[Work order]: Transcribe each record exactly. Include every one.

[Given entries]:

(* In the Ornstein–Uhlenbeck setting described in the context, regard the optimal intervention boundaries as functions $a^*(\theta)$, $b^*(\theta)$ of the reference target $\theta$, all other parameters $(r,\rho,m,\sigma,c_1,c_2)$ being fixed. Then $\theta\mapsto a^*(\theta)$ and $\theta\mapsto b^*(\theta)$ are both increasing.
   Context: Fix parameters $r>0$, $\rho>0$, $m\in\mathbb{R}$, $\sigma>0$, a reference target $\theta$ (the logarithm of the central parity) and constants $c_1,c_2\in\mathbb{R}$ with $c_1+c_2>0$. The (log-)exchange rate controlled by $\nu=\xi-\eta$ (difference of two nondecreasing adapted left-continuous processes started at $0$, with increments on disjoint sets) evolves as $dX_t=\rho(m-X_t)dt+\sigma dB_t+d\xi_t-d\eta_t$, $X_0=x\in\mathbb{R}$, where $B$ is a Brownian motion. The central bank minimizes over admissible controls $\mathbb{E}_x[\int_0^\infty e^{-rs}\tfrac12(X_s-\theta)^2ds+c_1\int_0^\infty e^{-rs}d\xi_s+c_2\int_0^\infty e^{-rs}d\eta_s]$ (jumps included). Let $D_\alpha(y)=\frac{e^{-y^2/4}}{\Gamma(-\alpha)}\int_0^\infty t^{-\alpha-1}e^{-t^2/2-yt}dt$ ($\alpha<0$), $\widehat\phi(x)=e^{\rho(x-m)^2/(2\sigma^2)}D_{-(r+\rho)/\rho}\big(\tfrac{(x-m)\sqrt{2\rho}}{\sigma}\big)$, $\widehat\psi(x)=e^{\rho(x-m)^2/(2\sigma^2)}D_{-(r+\rho)/\rho}\big(-\tfrac{(x-m)\sqrt{2\rho}}{\sigma}\big)$, $\widehat m'(z)=\frac{2}{\sigma^2}e^{-\rho(z-m)^2/\sigma^2}$. The optimal intervention boundaries $a^*<b^*$ are the unique pair with $a^*<\theta-(r+\rho)c_1$ and $b^*>\theta+(r+\rho)c_2$ solving $\int_a^b(z-\theta+(r+\rho)c_1)\widehat m'\widehat\phi\,dz=-(r+\rho)(c_1+c_2)\int_b^\infty\widehat m'\widehat\phi\,dz$ and $\int_a^b(z-\theta-(r+\rho)c_2)\widehat m'\widehat\psi\,dz=(r+\rho)(c_1+c_2)\int_{-\infty}^a\widehat m'\widehat\psi\,dz$; the optimal policy keeps $X$ in $[a^*,b^*]$ by minimal reflection. *)

From Stdlib Require Import Reals.
From Coquelicot Require Import Coquelicot.
Open Scope R_scope.

Definition Gamma_fn (s : R) : R :=
  RInt_gen (fun t => Rpower t (s - 1) * exp (- t)) (at_right 0) (Rbar_locally p_infty).

(* Parabolic cylinder function, integral representation for alpha < 0:
   D_alpha(y) = e^{-y^2/4}/Gamma(-alpha) * int_0^oo t^{-alpha-1} e^{-t^2/2 - y t} dt *)
Definition parabD (alpha y : R) : R :=
  exp (- y ^ 2 / 4) / Gamma_fn (- alpha) *
  RInt_gen (fun t => Rpower t (- alpha - 1) * exp (- t ^ 2 / 2 - y * t))
           (at_right 0) (Rbar_locally p_infty).

Definition phi_hat (r rho m sigma x : R) : R :=
  exp (rho * (x - m) ^ 2 / (2 * sigma ^ 2)) *
  parabD (- (r + rho) / rho) ((x - m) * sqrt (2 * rho) / sigma).

Definition psi_hat (r rho m sigma x : R) : R :=
  exp (rho * (x - m) ^ 2 / (2 * sigma ^ 2)) *
  parabD (- (r + rho) / rho) (- ((x - m) * sqrt (2 * rho) / sigma)).

(* density of the speed measure: m'(z) = 2/sigma^2 e^{-rho (z-m)^2/sigma^2} *)
Definition m_hat' (rho m sigma z : R) : R :=
  2 / sigma ^ 2 * exp (- rho * (z - m) ^ 2 / sigma ^ 2).

Definition optimal_boundaries (r rho m sigma c1 c2 theta a b : R) : Prop :=
  a < b /\
  a < theta - (r + rho) * c1 /\
  b > theta + (r + rho) * c2 /\
  RInt (fun z => (z - theta + (r + rho) * c1) * m_hat' rho m sigma z
                   * phi_hat r rho m sigma z) a b
  = - (r + rho) * (c1 + c2) *
    RInt_gen (fun z => m_hat' rho m sigma z * phi_hat r rho m sigma z)
             (at_point b) (Rbar_locally p_infty) /\
  RInt (fun z => (z - theta - (r + rho) * c2) * m_hat' rho m sigma z
                   * psi_hat r rho m sigma z) a b
  = (r + rho) * (c1 + c2) *
    RInt_gen (fun z => m_hat' rho m sigma z * psi_hat r rho m sigma z)
             (Rbar_locally m_infty) (at_point a).

(* Write p = m' phi_hat, q = m' psi_hat, alpha = theta - (r+rho) c1 and K = (r+rho)(c1+c2).
   The optimality equations for a target theta read
     int_a^b (z - alpha) p = - K int_b^oo p   and   int_a^b (z - alpha - K) q = K int_-oo^a q.
   Subtracting them for theta1 < theta2 cancels the tails: the linear functional
     balance f = int_a2^b2 (z - alpha2) f - int_a1^b1 (z - alpha1) f - K int_b1^b2 f
   vanishes at p and q, hence at every f_M = q(M) p - p(M) q.
   Since phi_hat(x) and psi_hat(x) are multiples of J(Y x) and J(- Y x), where
   J(y) = int_0^oo t^(r/rho) e^(-t^2/2 - y t) dt is positive, strictly decreasing and convex
   (hence continuous), p/q is strictly decreasing and f_M changes sign exactly once, at M.
   If a1 < a2 and b1 < b2 failed, [a2, b2] would lie lower than, be wider than, or be
   narrower than [a1, b1]; taking M = b1, max b1 (alpha2 + K) or min a2 alpha1 respectively,
   balance f_M splits into terms of one sign, one of them strict: a contradiction. *)

From Stdlib Require Import Reals Lra Classical.
From Coquelicot Require Import Coquelicot.
Open Scope R_scope.

Lemma exp_le (x y : R) : x <= y -> exp x <= exp y.
Proof. intros [h | ->]; [left; apply exp_increasing, h | right; reflexivity]. Qed.

Lemma ex_RInt_of_continuous (f : R -> R) a b :
  a <= b -> (forall z, a <= z <= b -> continuous f z) -> ex_RInt f a b.
Proof.
  intros hab Hf. apply (ex_RInt_continuous (V := R_CompleteNormedModule)).
  rewrite Rmin_left, Rmax_right by lra. exact Hf.
Qed.

Lemma ex_RInt_of_continuous_everywhere (f : R -> R) x y :
  (forall z, continuous f z) -> ex_RInt f x y.
Proof. intro Hf. apply (ex_RInt_continuous (V := R_CompleteNormedModule)). intros; apply Hf. Qed.

Lemma RInt_ext_R (f g : R -> R) (x y : R) :
  (forall z, f z = g z) -> RInt f x y = RInt g x y.
Proof. intro Hfg. apply RInt_ext. intros z _. apply Hfg. Qed.

Lemma RInt_Chasles_R (f : R -> R) a b c :
  ex_RInt f a b -> ex_RInt f b c -> RInt f a c = RInt f a b + RInt f b c.
Proof. intros hab hbc. symmetry. exact (RInt_Chasles f a b c hab hbc). Qed.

[Answer to this task]:
(* In the Ornstein–Uhlenbeck setting described in the context, regard the optimal intervention boundaries as functions $a^*(\theta)$, $b^*(\theta)$ of the reference target $\theta$, all other parameters $(r,\rho,m,\sigma,c_1,c_2)$ being fixed. Then $\theta\mapsto a^*(\theta)$ and $\theta\mapsto b^*(\theta)$ are both increasing.
   Context: Fix parameters $r>0$, $\rho>0$, $m\in\mathbb{R}$, $\sigma>0$, a reference target $\theta$ (the logarithm of the central parity) and constants $c_1,c_2\in\mathbb{R}$ with $c_1+c_2>0$. The (log-)exchange rate controlled by $\nu=\xi-\eta$ (difference of two nondecreasing adapted left-continuous processes started at $0$, with increments on disjoint sets) evolves as $dX_t=\rho(m-X_t)dt+\sigma dB_t+d\xi_t-d\eta_t$, $X_0=x\in\mathbb{R}$, where $B$ is a Brownian motion. The central bank minimizes over admissible controls $\mathbb{E}_x[\int_0^\infty e^{-rs}\tfrac12(X_s-\theta)^2ds+c_1\int_0^\infty e^{-rs}d\xi_s+c_2\int_0^\infty e^{-rs}d\eta_s]$ (jumps included). Let $D_\alpha(y)=\frac{e^{-y^2/4}}{\Gamma(-\alpha)}\int_0^\infty t^{-\alpha-1}e^{-t^2/2-yt}dt$ ($\alpha<0$), $\widehat\phi(x)=e^{\rho(x-m)^2/(2\sigma^2)}D_{-(r+\rho)/\rho}\big(\tfrac{(x-m)\sqrt{2\rho}}{\sigma}\big)$, $\widehat\psi(x)=e^{\rho(x-m)^2/(2\sigma^2)}D_{-(r+\rho)/\rho}\big(-\tfrac{(x-m)\sqrt{2\rho}}{\sigma}\big)$, $\widehat m'(z)=\frac{2}{\sigma^2}e^{-\rho(z-m)^2/\sigma^2}$. The optimal intervention boundaries $a^*<b^*$ are the unique pair with $a^*<\theta-(r+\rho)c_1$ and $b^*>\theta+(r+\rho)c_2$ solving $\int_a^b(z-\theta+(r+\rho)c_1)\widehat m'\widehat\phi\,dz=-(r+\rho)(c_1+c_2)\int_b^\infty\widehat m'\widehat\phi\,dz$ and $\int_a^b(z-\theta-(r+\rho)c_2)\widehat m'\widehat\psi\,dz=(r+\rho)(c_1+c_2)\int_{-\infty}^a\widehat m'\widehat\psi\,dz$; the optimal policy keeps $X$ in $[a^*,b^*]$ by minimal reflection. *)

From Stdlib Require Import Reals.
From Coquelicot Require Import Coquelicot.
Open Scope R_scope.

Definition Gamma_fn (s : R) : R :=
  RInt_gen (fun t => Rpower t (s - 1) * exp (- t)) (at_right 0) (Rbar_locally p_infty).

(* Parabolic cylinder function, integral representation for alpha < 0:
   D_alpha(y) = e^{-y^2/4}/Gamma(-alpha) * int_0^oo t^{-alpha-1} e^{-t^2/2 - y t} dt *)
Definition parabD (alpha y : R) : R :=
  exp (- y ^ 2 / 4) / Gamma_fn (- alpha) *
  RInt_gen (fun t => Rpower t (- alpha - 1) * exp (- t ^ 2 / 2 - y * t))
           (at_right 0) (Rbar_locally p_infty).

Definition phi_hat (r rho m sigma x : R) : R :=
  exp (rho * (x - m) ^ 2 / (2 * sigma ^ 2)) *
  parabD (- (r + rho) / rho) ((x - m) * sqrt (2 * rho) / sigma).

Definition psi_hat (r rho m sigma x : R) : R :=
  exp (rho * (x - m) ^ 2 / (2 * sigma ^ 2)) *
  parabD (- (r + rho) / rho) (- ((x - m) * sqrt (2 * rho) / sigma)).

(* density of the speed measure: m'(z) = 2/sigma^2 e^{-rho (z-m)^2/sigma^2} *)
Definition m_hat' (rho m sigma z : R) : R :=
  2 / sigma ^ 2 * exp (- rho * (z - m) ^ 2 / sigma ^ 2).

Definition optimal_boundaries (r rho m sigma c1 c2 theta a b : R) : Prop :=
  a < b /\
  a < theta - (r + rho) * c1 /\
  b > theta + (r + rho) * c2 /\
  RInt (fun z => (z - theta + (r + rho) * c1) * m_hat' rho m sigma z
                   * phi_hat r rho m sigma z) a b
  = - (r + rho) * (c1 + c2) *
    RInt_gen (fun z => m_hat' rho m sigma z * phi_hat r rho m sigma z)
             (at_point b) (Rbar_locally p_infty) /\
  RInt (fun z => (z - theta - (r + rho) * c2) * m_hat' rho m sigma z
                   * psi_hat r rho m sigma z) a b
  = (r + rho) * (c1 + c2) *
    RInt_gen (fun z => m_hat' rho m sigma z * psi_hat r rho m sigma z)
             (Rbar_locally m_infty) (at_point a).

(* Write p = m' phi_hat, q = m' psi_hat, alpha = theta - (r+rho) c1 and K = (r+rho)(c1+c2).
   The optimality equations for a target theta read
     int_a^b (z - alpha) p = - K int_b^oo p   and   int_a^b (z - alpha - K) q = K int_-oo^a q.
   Subtracting them for theta1 < theta2 cancels the tails: the linear functional
     balance f = int_a2^b2 (z - alpha2) f - int_a1^b1 (z - alpha1) f - K int_b1^b2 f
   vanishes at p and q, hence at every f_M = q(M) p - p(M) q.
   Since phi_hat(x) and psi_hat(x) are multiples of J(Y x) and J(- Y x), where
   J(y) = int_0^oo t^(r/rho) e^(-t^2/2 - y t) dt is positive, strictly decreasing and convex
   (hence continuous), p/q is strictly decreasing and f_M changes sign exactly once, at M.
   If a1 < a2 and b1 < b2 failed, [a2, b2] would lie lower than, be wider than, or be
   narrower than [a1, b1]; taking M = b1, max b1 (alpha2 + K) or min a2 alpha1 respectively,
   balance f_M splits into terms of one sign, one of them strict: a contradiction. *)

From Stdlib Require Import Reals Lra Classical.
From Coquelicot Require Import Coquelicot.
Open Scope R_scope.

Lemma exp_le (x y : R) : x <= y -> exp x <= exp y.
Proof. intros [h | ->]; [left; apply exp_increasing, h | right; reflexivity]. Qed.

Lemma ex_RInt_of_continuous (f : R -> R) a b :
  a <= b -> (forall z, a <= z <= b -> continuous f z) -> ex_RInt f a b.
Proof.
  intros hab Hf. apply (ex_RInt_continuous (V := R_CompleteNormedModule)).
  rewrite Rmin_left, Rmax_right by lra. exact Hf.
Qed.

Lemma ex_RInt_of_continuous_everywhere (f : R -> R) x y :
  (forall z, continuous f z) -> ex_RInt f x y.
Proof. intro Hf. apply (ex_RInt_continuous (V := R_CompleteNormedModule)). intros; apply Hf. Qed.

Lemma RInt_ext_R (f g : R -> R) (x y : R) :
  (forall z, f z = g z) -> RInt f x y = RInt g x y.
Proof. intro Hfg. apply RInt_ext. intros z _. apply Hfg. Qed.

Lemma RInt_Chasles_R (f : R -> R) a b c :
  ex_RInt f a b -> ex_RInt f b c -> RInt f a c = RInt f a b + RInt f b c.
Proof. intros hab hbc. symmetry. exact (RInt_Chasles f a b c hab hbc). Qed.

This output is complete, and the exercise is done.